▸ Exercise directions
Write out exactly the lines of the entries below from the one holding "rewrite !in_suppress_verts (clG" to the one holding "rewrite [X in subdivision _ X]EG.", inclusive, and leave out all other lines.

▸ Material for this task
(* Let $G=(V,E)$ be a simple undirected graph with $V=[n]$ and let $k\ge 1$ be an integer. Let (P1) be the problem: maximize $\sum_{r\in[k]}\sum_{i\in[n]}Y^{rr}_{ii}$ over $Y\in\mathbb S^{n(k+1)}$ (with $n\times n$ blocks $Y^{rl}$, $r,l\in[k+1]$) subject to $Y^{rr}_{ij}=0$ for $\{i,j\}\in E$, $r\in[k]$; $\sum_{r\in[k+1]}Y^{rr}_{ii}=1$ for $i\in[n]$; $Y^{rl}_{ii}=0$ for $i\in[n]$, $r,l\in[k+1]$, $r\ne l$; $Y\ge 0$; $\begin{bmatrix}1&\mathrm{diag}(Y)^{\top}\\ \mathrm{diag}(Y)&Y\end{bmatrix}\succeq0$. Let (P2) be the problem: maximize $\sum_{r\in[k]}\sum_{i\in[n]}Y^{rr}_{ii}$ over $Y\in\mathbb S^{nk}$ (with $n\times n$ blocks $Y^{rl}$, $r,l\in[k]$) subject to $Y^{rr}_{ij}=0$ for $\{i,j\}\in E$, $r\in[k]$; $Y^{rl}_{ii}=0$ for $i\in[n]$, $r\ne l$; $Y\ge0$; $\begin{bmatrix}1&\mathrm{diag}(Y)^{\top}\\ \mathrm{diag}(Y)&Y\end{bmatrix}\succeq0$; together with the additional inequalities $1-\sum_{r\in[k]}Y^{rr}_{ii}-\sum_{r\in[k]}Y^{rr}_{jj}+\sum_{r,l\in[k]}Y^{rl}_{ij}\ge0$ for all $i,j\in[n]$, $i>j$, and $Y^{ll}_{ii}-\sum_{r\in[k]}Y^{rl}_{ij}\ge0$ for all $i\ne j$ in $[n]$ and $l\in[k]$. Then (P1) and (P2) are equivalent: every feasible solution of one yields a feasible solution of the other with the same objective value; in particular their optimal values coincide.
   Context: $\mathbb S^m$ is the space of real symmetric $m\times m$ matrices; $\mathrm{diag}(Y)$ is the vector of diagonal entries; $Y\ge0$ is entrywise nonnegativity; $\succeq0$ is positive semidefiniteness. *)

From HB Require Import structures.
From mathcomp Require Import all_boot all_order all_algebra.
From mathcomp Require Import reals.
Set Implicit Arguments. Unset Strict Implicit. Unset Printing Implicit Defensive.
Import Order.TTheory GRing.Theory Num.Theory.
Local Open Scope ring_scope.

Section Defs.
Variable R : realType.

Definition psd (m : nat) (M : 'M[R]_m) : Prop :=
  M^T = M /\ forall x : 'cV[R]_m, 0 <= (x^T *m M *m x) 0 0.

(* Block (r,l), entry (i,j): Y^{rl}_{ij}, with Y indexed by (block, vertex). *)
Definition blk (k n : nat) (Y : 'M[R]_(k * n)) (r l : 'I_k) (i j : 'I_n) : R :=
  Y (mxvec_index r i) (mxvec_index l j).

* * *

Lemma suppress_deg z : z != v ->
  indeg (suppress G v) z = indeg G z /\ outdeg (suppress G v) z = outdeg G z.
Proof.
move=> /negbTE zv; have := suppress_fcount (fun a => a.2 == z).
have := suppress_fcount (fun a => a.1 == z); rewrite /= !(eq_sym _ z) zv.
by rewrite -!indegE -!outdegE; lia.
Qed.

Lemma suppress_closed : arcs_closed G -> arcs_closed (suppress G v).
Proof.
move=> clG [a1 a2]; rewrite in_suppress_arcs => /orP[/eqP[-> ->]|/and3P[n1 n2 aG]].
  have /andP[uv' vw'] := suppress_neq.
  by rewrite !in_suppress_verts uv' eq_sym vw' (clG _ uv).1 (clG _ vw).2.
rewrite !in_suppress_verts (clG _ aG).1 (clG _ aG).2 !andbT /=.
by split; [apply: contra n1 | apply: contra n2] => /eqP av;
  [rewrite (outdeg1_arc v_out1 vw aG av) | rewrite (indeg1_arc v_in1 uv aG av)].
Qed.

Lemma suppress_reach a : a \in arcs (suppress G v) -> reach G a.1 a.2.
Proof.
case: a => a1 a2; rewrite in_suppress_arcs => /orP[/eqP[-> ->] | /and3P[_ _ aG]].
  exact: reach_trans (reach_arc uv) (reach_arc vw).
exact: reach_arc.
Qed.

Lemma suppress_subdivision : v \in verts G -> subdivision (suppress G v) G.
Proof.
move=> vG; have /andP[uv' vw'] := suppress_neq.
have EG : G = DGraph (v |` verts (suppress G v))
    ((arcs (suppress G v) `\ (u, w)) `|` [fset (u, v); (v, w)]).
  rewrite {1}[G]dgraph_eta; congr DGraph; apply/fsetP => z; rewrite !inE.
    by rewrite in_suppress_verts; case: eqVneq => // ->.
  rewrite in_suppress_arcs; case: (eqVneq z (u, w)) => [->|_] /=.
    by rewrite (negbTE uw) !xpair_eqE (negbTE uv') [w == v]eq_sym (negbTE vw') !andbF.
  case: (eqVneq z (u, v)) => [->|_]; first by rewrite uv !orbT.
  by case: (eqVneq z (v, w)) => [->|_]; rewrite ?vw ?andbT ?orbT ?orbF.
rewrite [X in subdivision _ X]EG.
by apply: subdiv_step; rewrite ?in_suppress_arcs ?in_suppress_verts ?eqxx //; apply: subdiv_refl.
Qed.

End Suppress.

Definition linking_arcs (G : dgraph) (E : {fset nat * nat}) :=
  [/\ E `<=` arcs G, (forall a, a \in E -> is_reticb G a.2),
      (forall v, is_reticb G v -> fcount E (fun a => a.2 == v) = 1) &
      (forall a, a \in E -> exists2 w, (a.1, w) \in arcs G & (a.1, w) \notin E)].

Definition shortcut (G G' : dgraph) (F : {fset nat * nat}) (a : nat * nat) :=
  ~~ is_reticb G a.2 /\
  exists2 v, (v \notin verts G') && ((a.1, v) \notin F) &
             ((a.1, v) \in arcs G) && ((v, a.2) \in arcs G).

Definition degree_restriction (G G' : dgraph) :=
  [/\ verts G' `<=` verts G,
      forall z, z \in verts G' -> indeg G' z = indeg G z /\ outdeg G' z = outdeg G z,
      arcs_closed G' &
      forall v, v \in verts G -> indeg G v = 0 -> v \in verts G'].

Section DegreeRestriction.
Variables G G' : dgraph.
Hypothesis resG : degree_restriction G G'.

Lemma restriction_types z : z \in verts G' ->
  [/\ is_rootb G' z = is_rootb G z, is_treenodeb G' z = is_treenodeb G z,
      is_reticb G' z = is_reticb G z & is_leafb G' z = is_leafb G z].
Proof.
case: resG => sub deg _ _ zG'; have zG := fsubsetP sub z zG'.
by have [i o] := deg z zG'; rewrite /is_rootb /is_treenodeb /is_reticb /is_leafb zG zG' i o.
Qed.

* * *

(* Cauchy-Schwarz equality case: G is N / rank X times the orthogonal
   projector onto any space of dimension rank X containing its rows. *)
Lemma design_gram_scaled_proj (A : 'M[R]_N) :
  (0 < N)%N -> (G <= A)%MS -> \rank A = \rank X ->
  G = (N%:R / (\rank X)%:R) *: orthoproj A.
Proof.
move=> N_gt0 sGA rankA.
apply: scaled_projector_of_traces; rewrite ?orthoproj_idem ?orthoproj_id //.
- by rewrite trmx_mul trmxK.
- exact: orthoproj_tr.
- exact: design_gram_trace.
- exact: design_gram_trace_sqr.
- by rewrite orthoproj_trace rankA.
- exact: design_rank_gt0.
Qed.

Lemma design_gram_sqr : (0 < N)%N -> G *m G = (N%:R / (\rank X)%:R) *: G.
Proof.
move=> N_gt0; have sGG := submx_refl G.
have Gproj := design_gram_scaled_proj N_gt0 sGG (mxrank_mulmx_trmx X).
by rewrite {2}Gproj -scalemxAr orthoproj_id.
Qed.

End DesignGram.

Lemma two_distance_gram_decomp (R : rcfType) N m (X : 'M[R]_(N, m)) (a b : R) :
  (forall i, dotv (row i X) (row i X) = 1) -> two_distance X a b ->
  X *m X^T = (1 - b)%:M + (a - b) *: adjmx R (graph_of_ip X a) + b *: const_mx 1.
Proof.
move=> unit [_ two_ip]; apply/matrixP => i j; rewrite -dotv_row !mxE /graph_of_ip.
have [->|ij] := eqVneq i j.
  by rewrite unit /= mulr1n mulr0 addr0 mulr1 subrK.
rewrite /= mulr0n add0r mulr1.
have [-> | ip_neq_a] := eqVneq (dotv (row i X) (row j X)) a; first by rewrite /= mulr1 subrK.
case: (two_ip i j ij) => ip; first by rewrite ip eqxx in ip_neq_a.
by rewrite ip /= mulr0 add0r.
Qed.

▸ Output of the task
rewrite !in_suppress_verts (clG _ aG).1 (clG _ aG).2 !andbT /=.
by split; [apply: contra n1 | apply: contra n2] => /eqP av;
  [rewrite (outdeg1_arc v_out1 vw aG av) | rewrite (indeg1_arc v_in1 uv aG av)].
Qed.

Lemma suppress_reach a : a \in arcs (suppress G v) -> reach G a.1 a.2.
Proof.
case: a => a1 a2; rewrite in_suppress_arcs => /orP[/eqP[-> ->] | /and3P[_ _ aG]].
  exact: reach_trans (reach_arc uv) (reach_arc vw).
exact: reach_arc.
Qed.

Lemma suppress_subdivision : v \in verts G -> subdivision (suppress G v) G.
Proof.
move=> vG; have /andP[uv' vw'] := suppress_neq.
have EG : G = DGraph (v |` verts (suppress G v))
    ((arcs (suppress G v) `\ (u, w)) `|` [fset (u, v); (v, w)]).
  rewrite {1}[G]dgraph_eta; congr DGraph; apply/fsetP => z; rewrite !inE.
    by rewrite in_suppress_verts; case: eqVneq => // ->.
  rewrite in_suppress_arcs; case: (eqVneq z (u, w)) => [->|_] /=.
    by rewrite (negbTE uw) !xpair_eqE (negbTE uv') [w == v]eq_sym (negbTE vw') !andbF.
  case: (eqVneq z (u, v)) => [->|_]; first by rewrite uv !orbT.
  by case: (eqVneq z (v, w)) => [->|_]; rewrite ?vw ?andbT ?orbT ?orbF.
rewrite [X in subdivision _ X]EG.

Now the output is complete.